··· Information supplied

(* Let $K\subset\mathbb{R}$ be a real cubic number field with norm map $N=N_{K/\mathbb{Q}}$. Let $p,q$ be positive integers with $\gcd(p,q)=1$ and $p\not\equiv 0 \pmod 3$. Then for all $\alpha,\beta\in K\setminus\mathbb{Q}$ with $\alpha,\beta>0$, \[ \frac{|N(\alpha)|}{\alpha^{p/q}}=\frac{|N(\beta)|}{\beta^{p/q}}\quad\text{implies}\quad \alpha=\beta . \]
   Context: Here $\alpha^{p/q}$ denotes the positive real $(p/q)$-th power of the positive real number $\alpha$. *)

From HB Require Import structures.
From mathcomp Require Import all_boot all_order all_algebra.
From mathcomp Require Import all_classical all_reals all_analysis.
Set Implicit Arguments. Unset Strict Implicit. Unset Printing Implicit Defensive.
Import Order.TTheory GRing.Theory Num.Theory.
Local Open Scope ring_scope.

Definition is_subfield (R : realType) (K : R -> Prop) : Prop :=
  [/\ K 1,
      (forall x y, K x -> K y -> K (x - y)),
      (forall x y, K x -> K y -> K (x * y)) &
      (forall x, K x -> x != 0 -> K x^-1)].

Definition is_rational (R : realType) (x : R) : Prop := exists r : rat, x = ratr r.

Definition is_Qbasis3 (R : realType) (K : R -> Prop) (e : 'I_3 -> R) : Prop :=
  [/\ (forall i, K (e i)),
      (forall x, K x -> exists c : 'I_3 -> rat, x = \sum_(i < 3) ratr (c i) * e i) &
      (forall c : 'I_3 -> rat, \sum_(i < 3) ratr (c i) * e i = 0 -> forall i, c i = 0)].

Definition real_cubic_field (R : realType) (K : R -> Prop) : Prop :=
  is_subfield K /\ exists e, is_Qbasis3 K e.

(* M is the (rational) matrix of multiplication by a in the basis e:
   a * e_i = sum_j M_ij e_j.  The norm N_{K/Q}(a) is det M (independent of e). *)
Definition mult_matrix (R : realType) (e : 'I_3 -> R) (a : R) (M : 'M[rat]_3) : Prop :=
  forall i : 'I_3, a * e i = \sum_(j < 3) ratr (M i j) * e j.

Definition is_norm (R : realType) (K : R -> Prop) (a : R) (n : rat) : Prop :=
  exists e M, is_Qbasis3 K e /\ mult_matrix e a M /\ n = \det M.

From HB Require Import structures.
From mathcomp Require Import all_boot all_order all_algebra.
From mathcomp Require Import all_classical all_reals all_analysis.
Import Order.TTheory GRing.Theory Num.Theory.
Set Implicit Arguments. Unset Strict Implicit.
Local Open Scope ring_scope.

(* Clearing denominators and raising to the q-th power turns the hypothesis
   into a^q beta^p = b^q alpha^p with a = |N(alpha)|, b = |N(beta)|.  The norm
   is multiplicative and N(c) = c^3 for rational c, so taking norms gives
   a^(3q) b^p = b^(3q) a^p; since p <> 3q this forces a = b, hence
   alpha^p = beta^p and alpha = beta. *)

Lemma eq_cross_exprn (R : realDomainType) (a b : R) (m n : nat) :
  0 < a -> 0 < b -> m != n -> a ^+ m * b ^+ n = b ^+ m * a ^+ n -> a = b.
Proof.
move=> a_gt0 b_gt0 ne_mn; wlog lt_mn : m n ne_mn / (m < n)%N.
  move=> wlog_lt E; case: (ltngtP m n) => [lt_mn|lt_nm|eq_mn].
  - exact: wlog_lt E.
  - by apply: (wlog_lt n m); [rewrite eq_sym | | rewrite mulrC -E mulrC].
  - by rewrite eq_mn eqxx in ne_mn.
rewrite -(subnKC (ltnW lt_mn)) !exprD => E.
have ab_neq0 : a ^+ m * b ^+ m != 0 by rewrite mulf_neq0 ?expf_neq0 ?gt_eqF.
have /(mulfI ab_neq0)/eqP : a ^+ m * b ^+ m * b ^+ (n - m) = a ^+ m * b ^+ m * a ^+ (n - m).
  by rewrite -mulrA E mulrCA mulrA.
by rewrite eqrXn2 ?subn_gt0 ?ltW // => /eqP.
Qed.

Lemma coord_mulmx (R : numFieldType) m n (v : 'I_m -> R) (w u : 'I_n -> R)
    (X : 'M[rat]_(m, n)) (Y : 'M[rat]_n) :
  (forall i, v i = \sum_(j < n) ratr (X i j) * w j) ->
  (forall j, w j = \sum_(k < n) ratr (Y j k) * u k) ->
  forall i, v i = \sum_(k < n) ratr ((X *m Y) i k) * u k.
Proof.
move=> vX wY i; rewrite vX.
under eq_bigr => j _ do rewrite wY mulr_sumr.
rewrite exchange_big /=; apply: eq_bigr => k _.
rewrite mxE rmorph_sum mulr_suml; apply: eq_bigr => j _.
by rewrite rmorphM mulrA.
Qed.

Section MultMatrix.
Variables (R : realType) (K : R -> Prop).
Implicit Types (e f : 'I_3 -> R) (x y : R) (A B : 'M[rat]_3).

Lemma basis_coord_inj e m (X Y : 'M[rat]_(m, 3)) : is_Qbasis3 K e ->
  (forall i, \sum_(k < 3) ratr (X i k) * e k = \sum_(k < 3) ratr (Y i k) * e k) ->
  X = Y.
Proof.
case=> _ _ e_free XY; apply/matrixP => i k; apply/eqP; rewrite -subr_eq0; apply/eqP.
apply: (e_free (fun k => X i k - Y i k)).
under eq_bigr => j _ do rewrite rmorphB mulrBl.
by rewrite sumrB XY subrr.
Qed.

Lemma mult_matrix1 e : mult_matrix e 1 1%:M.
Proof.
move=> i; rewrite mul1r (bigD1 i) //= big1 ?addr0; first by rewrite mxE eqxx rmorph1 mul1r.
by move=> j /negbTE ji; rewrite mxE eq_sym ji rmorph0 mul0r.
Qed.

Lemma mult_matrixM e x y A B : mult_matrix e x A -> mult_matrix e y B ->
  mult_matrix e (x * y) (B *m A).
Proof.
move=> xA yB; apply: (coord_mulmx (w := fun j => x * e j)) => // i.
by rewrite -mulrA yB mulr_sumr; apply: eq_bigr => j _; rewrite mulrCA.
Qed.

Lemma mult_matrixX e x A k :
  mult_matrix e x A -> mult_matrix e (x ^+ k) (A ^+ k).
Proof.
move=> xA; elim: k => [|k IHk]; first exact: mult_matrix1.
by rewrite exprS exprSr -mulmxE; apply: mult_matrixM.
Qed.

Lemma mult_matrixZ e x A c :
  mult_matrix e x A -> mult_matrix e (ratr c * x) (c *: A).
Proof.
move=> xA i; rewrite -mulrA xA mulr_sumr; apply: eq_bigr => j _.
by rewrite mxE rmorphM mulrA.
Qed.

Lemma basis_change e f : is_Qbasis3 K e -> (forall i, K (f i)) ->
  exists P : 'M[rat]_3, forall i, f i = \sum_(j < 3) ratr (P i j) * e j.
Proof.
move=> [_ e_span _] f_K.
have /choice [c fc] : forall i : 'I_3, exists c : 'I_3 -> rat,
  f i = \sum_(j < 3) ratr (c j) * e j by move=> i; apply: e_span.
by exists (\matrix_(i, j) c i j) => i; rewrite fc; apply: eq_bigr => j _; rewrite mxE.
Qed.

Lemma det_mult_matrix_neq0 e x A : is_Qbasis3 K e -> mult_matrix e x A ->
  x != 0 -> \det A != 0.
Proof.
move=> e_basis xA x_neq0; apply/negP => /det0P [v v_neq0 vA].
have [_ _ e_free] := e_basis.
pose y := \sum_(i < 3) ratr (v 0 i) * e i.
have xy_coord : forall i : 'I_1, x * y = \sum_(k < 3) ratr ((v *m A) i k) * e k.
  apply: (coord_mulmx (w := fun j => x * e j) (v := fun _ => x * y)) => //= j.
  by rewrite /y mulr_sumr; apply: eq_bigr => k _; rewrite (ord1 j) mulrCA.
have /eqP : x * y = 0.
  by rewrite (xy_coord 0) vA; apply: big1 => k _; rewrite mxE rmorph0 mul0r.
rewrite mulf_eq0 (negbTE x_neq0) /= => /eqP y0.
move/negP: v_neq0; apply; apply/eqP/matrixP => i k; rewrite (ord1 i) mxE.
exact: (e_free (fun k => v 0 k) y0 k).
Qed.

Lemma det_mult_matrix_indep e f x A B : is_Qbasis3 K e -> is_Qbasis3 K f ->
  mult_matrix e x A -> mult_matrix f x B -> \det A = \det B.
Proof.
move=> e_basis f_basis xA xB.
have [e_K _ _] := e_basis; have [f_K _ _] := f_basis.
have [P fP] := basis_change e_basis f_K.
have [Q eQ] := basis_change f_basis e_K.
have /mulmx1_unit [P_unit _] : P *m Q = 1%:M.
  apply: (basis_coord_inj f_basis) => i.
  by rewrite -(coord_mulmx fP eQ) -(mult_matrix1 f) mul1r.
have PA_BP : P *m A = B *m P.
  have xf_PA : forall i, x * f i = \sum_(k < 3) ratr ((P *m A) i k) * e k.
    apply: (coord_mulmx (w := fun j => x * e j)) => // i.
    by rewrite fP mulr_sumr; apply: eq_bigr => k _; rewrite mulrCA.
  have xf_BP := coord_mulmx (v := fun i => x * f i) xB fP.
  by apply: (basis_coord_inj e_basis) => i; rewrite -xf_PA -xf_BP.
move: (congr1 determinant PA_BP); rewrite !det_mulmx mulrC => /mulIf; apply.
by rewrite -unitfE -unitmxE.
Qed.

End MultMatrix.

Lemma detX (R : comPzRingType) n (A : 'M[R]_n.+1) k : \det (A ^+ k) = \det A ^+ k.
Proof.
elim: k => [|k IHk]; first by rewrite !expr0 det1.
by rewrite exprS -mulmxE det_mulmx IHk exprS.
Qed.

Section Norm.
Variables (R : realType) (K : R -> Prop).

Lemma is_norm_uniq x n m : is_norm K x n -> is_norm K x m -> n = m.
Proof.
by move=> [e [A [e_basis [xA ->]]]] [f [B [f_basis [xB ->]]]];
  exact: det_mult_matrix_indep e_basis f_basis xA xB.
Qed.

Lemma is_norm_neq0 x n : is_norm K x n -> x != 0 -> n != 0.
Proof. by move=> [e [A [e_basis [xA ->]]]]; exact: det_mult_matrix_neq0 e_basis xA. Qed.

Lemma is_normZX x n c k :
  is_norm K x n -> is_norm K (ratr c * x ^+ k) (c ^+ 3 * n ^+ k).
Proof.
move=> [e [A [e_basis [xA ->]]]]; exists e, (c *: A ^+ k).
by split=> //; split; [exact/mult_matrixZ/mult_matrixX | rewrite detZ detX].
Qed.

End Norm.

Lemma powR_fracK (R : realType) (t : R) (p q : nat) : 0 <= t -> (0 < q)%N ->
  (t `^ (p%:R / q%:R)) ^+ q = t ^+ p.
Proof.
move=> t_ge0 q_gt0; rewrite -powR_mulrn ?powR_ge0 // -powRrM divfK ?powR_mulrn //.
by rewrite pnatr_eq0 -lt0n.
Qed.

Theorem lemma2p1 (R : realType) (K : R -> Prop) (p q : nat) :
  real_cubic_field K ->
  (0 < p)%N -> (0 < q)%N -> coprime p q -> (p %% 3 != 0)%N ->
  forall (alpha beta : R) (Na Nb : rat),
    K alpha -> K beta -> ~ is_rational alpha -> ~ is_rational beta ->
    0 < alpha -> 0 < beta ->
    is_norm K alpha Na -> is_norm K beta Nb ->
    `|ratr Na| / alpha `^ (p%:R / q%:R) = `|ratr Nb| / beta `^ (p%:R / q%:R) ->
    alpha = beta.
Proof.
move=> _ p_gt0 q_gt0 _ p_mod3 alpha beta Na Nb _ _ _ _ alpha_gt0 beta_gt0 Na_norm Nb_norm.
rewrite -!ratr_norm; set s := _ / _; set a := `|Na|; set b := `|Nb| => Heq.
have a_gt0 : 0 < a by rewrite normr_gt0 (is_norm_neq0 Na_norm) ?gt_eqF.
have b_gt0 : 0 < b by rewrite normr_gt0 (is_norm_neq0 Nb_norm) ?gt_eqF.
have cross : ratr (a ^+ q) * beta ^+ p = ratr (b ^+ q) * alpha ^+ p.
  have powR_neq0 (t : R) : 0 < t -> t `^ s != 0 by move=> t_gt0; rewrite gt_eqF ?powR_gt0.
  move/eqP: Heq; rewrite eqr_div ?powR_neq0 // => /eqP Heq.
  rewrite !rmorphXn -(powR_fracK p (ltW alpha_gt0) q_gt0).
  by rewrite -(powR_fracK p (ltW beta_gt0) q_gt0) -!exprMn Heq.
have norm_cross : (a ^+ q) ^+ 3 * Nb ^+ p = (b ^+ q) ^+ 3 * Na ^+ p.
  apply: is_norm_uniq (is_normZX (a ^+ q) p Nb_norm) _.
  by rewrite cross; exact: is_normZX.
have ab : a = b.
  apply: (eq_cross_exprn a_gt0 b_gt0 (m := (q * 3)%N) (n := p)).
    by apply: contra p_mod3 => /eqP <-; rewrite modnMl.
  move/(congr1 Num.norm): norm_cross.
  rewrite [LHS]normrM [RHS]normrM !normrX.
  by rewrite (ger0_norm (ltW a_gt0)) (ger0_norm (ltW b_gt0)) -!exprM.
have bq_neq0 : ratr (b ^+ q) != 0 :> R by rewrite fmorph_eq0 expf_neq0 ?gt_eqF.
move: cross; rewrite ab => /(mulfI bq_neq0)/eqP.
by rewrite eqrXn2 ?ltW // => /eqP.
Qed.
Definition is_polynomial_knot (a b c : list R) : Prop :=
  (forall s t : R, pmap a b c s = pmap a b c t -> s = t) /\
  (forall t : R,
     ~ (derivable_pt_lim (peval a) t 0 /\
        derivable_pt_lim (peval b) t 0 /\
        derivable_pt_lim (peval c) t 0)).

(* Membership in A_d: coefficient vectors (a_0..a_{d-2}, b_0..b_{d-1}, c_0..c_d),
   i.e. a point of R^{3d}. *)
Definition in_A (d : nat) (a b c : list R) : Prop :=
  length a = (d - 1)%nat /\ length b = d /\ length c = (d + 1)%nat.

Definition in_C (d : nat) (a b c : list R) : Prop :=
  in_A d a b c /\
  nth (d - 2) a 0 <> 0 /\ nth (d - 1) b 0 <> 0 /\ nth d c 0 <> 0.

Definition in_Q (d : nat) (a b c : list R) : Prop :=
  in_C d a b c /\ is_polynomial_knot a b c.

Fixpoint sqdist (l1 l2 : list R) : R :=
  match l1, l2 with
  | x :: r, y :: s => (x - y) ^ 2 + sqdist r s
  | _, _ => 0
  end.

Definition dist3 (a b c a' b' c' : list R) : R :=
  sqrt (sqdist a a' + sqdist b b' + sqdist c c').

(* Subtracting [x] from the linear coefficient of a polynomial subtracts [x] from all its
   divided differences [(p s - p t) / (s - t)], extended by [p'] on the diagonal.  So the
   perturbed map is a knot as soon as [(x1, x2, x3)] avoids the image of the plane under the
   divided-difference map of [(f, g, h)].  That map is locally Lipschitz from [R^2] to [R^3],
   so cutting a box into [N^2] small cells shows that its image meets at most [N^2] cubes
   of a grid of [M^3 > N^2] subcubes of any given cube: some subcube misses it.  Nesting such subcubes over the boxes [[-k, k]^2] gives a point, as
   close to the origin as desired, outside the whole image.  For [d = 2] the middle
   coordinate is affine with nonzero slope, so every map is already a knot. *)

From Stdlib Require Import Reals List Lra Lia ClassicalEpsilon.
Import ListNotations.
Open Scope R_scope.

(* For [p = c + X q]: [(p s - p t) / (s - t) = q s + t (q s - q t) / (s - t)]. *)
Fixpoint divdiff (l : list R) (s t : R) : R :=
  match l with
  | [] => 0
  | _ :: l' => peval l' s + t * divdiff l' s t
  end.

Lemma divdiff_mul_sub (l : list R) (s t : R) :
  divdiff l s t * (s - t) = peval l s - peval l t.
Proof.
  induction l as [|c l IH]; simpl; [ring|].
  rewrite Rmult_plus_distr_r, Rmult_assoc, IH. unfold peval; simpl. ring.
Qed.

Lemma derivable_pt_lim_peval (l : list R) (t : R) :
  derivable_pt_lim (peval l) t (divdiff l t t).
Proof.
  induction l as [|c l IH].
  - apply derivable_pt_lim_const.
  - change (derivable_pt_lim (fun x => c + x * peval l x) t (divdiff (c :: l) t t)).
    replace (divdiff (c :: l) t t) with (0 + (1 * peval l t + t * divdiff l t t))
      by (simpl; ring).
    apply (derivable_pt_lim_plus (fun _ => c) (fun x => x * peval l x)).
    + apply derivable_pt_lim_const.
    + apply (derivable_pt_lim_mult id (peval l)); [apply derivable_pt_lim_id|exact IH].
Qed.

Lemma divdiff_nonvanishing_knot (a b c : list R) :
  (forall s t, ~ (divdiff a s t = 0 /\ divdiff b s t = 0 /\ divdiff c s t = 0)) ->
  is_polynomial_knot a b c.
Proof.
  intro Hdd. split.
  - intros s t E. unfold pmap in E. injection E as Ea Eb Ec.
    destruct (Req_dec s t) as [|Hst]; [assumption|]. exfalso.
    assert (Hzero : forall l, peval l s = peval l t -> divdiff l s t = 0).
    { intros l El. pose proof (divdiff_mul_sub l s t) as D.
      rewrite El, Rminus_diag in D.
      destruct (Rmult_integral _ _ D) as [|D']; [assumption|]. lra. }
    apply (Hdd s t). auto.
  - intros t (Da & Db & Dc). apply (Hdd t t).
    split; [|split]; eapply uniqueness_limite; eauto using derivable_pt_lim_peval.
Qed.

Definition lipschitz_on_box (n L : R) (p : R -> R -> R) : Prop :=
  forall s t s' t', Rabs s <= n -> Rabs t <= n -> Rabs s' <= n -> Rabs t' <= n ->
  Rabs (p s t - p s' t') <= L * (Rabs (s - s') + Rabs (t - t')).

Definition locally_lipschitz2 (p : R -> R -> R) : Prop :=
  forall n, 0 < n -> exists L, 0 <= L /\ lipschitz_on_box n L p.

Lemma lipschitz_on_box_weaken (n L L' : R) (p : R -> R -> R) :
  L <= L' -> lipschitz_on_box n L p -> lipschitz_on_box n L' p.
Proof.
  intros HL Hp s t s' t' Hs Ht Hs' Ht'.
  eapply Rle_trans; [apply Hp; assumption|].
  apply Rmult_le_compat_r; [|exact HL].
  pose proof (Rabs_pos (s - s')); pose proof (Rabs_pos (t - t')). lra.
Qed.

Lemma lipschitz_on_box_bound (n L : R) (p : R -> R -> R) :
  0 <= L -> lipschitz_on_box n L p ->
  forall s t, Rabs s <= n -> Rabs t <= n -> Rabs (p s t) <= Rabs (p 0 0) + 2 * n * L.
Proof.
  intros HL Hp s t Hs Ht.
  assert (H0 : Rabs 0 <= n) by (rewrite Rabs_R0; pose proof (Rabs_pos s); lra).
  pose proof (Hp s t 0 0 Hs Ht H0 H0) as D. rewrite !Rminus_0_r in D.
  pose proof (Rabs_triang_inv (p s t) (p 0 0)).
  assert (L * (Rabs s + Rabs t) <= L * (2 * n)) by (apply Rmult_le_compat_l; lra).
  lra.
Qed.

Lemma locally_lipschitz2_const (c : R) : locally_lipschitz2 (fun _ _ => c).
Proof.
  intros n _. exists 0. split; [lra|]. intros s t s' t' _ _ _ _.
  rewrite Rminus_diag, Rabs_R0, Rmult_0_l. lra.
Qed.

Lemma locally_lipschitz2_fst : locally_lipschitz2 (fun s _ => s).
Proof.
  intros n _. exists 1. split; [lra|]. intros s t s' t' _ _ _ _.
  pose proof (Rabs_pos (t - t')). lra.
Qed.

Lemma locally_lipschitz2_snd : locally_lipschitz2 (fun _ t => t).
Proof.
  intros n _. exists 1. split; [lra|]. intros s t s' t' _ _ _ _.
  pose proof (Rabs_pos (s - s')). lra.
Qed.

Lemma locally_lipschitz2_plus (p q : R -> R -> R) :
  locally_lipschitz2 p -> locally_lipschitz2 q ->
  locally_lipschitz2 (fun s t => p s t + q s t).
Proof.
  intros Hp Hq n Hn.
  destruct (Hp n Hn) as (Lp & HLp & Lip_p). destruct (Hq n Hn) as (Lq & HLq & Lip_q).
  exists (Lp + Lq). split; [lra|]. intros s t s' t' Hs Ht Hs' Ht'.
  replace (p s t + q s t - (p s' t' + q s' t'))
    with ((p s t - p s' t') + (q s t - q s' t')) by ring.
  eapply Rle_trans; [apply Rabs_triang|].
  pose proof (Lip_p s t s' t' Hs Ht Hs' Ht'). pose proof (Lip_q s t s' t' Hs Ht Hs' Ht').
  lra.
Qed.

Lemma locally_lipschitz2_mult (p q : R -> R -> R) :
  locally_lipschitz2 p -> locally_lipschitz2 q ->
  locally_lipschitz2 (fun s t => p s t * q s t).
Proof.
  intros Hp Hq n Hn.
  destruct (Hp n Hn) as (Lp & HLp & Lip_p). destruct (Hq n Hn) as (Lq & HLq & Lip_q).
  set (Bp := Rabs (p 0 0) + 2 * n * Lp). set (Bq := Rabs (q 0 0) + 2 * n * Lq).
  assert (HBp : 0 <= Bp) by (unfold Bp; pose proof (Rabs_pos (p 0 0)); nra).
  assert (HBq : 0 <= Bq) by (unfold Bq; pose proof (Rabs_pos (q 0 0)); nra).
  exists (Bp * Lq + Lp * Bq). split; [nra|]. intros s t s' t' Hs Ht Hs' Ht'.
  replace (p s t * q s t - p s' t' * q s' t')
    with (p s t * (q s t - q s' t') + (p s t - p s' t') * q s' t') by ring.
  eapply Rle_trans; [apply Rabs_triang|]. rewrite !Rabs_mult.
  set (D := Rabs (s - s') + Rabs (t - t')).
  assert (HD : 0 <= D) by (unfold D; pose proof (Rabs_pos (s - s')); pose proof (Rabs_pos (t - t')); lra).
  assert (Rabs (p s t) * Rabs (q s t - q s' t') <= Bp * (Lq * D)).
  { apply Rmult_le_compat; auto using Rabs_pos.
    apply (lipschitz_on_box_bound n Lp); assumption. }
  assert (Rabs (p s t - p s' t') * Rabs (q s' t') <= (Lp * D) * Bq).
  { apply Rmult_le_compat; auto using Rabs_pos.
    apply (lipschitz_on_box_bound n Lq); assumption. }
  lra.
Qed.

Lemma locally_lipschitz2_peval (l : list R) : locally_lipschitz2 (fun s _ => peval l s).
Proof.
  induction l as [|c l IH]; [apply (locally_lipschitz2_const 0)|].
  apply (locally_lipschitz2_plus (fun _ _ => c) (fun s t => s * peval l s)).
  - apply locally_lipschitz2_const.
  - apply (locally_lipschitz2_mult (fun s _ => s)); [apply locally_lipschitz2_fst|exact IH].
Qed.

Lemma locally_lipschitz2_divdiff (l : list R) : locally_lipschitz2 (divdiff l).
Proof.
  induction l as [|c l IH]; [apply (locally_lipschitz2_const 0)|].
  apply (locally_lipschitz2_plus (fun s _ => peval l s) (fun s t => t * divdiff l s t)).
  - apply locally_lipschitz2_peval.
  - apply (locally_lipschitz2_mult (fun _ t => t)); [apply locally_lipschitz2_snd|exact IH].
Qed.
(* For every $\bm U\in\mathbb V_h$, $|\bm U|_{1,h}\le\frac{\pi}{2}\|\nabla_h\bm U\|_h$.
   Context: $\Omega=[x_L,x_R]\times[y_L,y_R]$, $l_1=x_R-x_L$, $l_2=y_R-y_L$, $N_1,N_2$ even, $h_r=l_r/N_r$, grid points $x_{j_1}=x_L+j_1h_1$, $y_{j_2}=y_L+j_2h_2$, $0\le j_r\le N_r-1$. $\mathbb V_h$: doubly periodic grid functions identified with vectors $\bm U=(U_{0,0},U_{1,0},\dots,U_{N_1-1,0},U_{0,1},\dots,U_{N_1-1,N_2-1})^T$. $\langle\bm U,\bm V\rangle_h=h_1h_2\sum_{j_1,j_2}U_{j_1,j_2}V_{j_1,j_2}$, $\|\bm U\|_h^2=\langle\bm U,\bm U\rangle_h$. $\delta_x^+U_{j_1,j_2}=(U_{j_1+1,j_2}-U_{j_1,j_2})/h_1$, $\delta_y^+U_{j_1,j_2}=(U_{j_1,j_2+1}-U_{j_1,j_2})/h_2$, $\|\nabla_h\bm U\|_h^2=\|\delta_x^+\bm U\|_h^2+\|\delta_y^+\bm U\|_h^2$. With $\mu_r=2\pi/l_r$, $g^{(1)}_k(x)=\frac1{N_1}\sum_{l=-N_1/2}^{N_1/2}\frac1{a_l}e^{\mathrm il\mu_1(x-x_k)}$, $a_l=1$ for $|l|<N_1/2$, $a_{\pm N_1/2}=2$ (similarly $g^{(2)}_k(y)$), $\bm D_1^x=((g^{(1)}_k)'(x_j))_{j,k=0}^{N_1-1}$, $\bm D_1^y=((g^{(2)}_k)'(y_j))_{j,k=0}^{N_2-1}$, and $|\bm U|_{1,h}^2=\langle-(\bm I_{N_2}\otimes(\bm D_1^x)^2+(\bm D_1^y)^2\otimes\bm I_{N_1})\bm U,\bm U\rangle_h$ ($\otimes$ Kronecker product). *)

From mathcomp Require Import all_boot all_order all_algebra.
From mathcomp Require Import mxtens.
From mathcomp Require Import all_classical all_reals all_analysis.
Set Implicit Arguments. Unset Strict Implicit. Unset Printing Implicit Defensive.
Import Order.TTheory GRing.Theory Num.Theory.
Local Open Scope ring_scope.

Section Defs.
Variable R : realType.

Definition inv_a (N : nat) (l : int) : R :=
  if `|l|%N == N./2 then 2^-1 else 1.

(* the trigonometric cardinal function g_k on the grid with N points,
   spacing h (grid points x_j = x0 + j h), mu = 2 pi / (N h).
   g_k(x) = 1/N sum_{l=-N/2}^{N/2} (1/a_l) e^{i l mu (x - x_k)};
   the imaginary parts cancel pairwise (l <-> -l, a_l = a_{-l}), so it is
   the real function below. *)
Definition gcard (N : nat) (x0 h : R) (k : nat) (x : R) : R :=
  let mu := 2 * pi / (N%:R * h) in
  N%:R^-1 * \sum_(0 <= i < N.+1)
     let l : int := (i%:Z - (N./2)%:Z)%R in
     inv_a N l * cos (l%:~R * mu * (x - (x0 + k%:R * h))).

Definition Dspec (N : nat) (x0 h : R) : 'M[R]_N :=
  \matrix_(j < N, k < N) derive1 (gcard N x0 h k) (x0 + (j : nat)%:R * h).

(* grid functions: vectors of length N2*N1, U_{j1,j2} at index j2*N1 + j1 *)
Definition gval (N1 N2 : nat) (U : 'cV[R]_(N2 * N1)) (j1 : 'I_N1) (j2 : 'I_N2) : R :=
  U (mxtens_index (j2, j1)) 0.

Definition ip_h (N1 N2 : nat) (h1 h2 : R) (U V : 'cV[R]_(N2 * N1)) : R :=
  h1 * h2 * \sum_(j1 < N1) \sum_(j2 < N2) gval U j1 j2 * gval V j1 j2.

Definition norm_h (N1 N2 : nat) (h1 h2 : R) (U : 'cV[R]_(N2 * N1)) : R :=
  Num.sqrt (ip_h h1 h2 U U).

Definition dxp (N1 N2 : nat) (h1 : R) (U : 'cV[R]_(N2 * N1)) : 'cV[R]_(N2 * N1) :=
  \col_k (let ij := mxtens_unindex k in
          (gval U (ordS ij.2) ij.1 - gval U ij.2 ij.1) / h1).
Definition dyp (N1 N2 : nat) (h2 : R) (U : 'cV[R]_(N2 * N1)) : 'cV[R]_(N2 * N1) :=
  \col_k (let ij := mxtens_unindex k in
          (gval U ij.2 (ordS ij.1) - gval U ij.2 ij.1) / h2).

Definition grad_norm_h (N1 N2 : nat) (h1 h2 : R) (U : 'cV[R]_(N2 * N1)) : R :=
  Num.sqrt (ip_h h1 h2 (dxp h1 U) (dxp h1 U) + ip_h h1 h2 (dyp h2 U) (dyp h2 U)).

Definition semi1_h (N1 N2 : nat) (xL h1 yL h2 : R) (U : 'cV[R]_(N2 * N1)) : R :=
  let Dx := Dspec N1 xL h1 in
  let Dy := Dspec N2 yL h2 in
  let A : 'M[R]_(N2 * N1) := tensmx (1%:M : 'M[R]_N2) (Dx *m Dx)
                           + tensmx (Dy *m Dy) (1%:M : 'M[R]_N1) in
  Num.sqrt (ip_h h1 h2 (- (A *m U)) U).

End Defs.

······

## What is required
In the entries above, the lines from the one bearing "Lemma lipschitz_on_box_bound (n" up to and including the one bearing "pose proof (Rabs_triang_inv" should be transcribed exactly; no other line is wanted.

## Answer to this exercise
Lemma lipschitz_on_box_bound (n L : R) (p : R -> R -> R) :
  0 <= L -> lipschitz_on_box n L p ->
  forall s t, Rabs s <= n -> Rabs t <= n -> Rabs (p s t) <= Rabs (p 0 0) + 2 * n * L.
Proof.
  intros HL Hp s t Hs Ht.
  assert (H0 : Rabs 0 <= n) by (rewrite Rabs_R0; pose proof (Rabs_pos s); lra).
  pose proof (Hp s t 0 0 Hs Ht H0 H0) as D. rewrite !Rminus_0_r in D.
  pose proof (Rabs_triang_inv (p s t) (p 0 0)).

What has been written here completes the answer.